[Stored items from a collection]
Segment Open

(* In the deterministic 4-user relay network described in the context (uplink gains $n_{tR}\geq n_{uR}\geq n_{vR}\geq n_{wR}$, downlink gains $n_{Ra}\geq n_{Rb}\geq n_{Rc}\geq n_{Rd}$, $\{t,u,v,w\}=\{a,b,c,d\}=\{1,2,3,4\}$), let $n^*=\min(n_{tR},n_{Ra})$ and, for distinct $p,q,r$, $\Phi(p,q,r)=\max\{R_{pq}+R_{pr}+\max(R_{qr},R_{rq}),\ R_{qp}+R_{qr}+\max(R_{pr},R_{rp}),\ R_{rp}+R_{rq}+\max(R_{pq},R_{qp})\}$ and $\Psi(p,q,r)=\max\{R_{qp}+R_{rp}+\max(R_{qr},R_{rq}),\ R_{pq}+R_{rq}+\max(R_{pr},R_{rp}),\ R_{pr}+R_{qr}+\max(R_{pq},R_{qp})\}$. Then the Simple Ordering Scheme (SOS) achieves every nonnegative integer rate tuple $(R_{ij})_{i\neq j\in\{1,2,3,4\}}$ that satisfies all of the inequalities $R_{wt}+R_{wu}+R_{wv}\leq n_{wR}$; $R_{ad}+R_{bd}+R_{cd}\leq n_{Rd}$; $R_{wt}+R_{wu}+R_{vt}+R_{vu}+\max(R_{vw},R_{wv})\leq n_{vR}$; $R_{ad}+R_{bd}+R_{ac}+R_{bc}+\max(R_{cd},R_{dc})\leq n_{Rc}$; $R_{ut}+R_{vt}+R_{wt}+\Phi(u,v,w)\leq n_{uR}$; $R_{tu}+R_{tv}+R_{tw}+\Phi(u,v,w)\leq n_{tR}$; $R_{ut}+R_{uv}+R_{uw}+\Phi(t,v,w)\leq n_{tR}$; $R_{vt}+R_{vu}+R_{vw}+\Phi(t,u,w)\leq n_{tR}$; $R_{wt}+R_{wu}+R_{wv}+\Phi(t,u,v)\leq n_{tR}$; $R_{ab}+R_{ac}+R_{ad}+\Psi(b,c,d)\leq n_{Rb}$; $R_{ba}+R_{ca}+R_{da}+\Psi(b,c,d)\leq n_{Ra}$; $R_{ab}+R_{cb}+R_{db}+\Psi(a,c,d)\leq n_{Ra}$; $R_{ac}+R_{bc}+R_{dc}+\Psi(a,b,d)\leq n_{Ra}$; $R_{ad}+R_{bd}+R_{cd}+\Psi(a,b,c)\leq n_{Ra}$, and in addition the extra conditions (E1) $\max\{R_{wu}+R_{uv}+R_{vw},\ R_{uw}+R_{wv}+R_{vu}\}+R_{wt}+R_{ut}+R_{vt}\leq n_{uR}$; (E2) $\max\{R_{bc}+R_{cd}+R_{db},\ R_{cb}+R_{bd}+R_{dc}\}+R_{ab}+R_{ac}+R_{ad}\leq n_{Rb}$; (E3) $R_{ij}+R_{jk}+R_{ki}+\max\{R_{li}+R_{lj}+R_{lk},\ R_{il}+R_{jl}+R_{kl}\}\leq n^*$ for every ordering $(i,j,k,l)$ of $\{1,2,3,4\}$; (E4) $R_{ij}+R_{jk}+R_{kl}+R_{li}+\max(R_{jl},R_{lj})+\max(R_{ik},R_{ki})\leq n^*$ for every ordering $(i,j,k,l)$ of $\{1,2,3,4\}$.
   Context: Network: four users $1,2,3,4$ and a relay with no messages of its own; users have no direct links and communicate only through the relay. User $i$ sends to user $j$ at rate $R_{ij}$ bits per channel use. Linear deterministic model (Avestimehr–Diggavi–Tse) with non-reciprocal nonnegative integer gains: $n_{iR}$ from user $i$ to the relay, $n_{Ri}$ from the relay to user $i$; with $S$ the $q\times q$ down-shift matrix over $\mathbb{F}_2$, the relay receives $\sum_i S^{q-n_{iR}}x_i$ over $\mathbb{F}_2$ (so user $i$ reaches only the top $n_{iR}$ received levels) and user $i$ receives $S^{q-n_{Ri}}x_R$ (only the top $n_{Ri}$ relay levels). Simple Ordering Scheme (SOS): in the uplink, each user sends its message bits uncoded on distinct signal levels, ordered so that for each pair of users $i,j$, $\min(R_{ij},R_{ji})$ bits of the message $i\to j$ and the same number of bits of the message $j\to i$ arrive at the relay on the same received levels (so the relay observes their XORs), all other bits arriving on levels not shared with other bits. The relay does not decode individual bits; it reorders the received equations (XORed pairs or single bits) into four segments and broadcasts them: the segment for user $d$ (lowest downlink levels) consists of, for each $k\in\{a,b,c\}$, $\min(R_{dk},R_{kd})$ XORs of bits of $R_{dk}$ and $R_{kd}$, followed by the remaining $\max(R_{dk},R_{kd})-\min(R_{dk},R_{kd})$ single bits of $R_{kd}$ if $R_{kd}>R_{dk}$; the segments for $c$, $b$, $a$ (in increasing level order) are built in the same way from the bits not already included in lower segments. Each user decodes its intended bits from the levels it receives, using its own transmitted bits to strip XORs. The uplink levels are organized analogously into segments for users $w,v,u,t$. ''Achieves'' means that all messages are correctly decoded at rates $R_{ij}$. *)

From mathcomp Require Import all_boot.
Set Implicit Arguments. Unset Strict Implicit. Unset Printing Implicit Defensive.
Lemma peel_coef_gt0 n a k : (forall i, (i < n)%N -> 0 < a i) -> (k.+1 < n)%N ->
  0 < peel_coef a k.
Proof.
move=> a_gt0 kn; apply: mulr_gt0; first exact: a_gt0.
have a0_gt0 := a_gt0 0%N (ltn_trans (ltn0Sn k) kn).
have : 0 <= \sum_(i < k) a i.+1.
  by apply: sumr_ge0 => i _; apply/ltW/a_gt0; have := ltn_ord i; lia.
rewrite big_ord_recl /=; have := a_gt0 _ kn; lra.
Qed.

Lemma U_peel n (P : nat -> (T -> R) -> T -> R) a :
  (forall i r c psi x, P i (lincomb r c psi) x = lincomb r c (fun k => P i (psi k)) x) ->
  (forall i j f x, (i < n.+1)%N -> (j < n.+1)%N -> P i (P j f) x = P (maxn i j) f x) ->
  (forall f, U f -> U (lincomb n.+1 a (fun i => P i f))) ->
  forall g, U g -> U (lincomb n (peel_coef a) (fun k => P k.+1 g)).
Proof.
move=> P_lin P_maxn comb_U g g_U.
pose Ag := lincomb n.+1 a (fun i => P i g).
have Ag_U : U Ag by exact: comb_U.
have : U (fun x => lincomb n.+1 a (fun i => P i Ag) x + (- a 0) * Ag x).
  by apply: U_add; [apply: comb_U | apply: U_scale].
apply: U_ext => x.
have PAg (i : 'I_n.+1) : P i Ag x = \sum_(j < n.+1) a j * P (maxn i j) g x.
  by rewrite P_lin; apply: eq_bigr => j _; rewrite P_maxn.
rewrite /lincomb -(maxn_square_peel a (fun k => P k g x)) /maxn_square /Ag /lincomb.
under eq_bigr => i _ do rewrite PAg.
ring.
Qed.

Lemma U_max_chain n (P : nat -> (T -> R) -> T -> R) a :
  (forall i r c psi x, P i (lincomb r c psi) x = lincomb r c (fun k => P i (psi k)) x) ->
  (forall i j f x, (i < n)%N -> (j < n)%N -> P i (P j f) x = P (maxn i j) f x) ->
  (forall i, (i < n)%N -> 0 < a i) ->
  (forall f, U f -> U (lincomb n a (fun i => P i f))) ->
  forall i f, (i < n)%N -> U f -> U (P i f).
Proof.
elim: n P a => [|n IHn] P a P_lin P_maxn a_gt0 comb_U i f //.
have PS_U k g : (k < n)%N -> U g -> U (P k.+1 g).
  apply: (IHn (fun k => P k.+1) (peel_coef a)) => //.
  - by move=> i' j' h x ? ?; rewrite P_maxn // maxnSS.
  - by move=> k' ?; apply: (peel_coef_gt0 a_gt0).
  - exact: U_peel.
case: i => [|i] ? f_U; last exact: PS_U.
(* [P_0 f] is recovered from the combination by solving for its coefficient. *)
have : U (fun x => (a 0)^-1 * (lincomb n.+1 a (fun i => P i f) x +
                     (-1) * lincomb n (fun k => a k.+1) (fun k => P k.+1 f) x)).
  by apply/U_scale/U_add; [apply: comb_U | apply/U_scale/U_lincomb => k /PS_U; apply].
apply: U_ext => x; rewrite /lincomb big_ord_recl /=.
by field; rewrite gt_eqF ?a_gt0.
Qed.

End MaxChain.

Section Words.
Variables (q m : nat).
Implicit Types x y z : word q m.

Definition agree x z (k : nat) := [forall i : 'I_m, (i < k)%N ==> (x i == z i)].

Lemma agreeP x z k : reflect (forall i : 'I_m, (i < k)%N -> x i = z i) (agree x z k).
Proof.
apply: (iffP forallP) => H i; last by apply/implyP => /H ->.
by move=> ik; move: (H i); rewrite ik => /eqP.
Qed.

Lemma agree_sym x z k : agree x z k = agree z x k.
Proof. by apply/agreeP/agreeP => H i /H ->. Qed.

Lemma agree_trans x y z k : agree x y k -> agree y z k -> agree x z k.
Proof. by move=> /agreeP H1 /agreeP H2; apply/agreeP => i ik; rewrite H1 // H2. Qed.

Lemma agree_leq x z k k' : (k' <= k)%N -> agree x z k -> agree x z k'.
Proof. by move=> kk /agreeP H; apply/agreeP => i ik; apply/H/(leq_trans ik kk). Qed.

Segment Closed

WHAT IS NEEDED
The expected output is each line of the records above that includes the word "Implicit".

RESPONSE TO THE EXERCISE
Set Implicit Arguments. Unset Strict Implicit. Unset Printing Implicit Defensive.
Implicit Types x y z : word q m.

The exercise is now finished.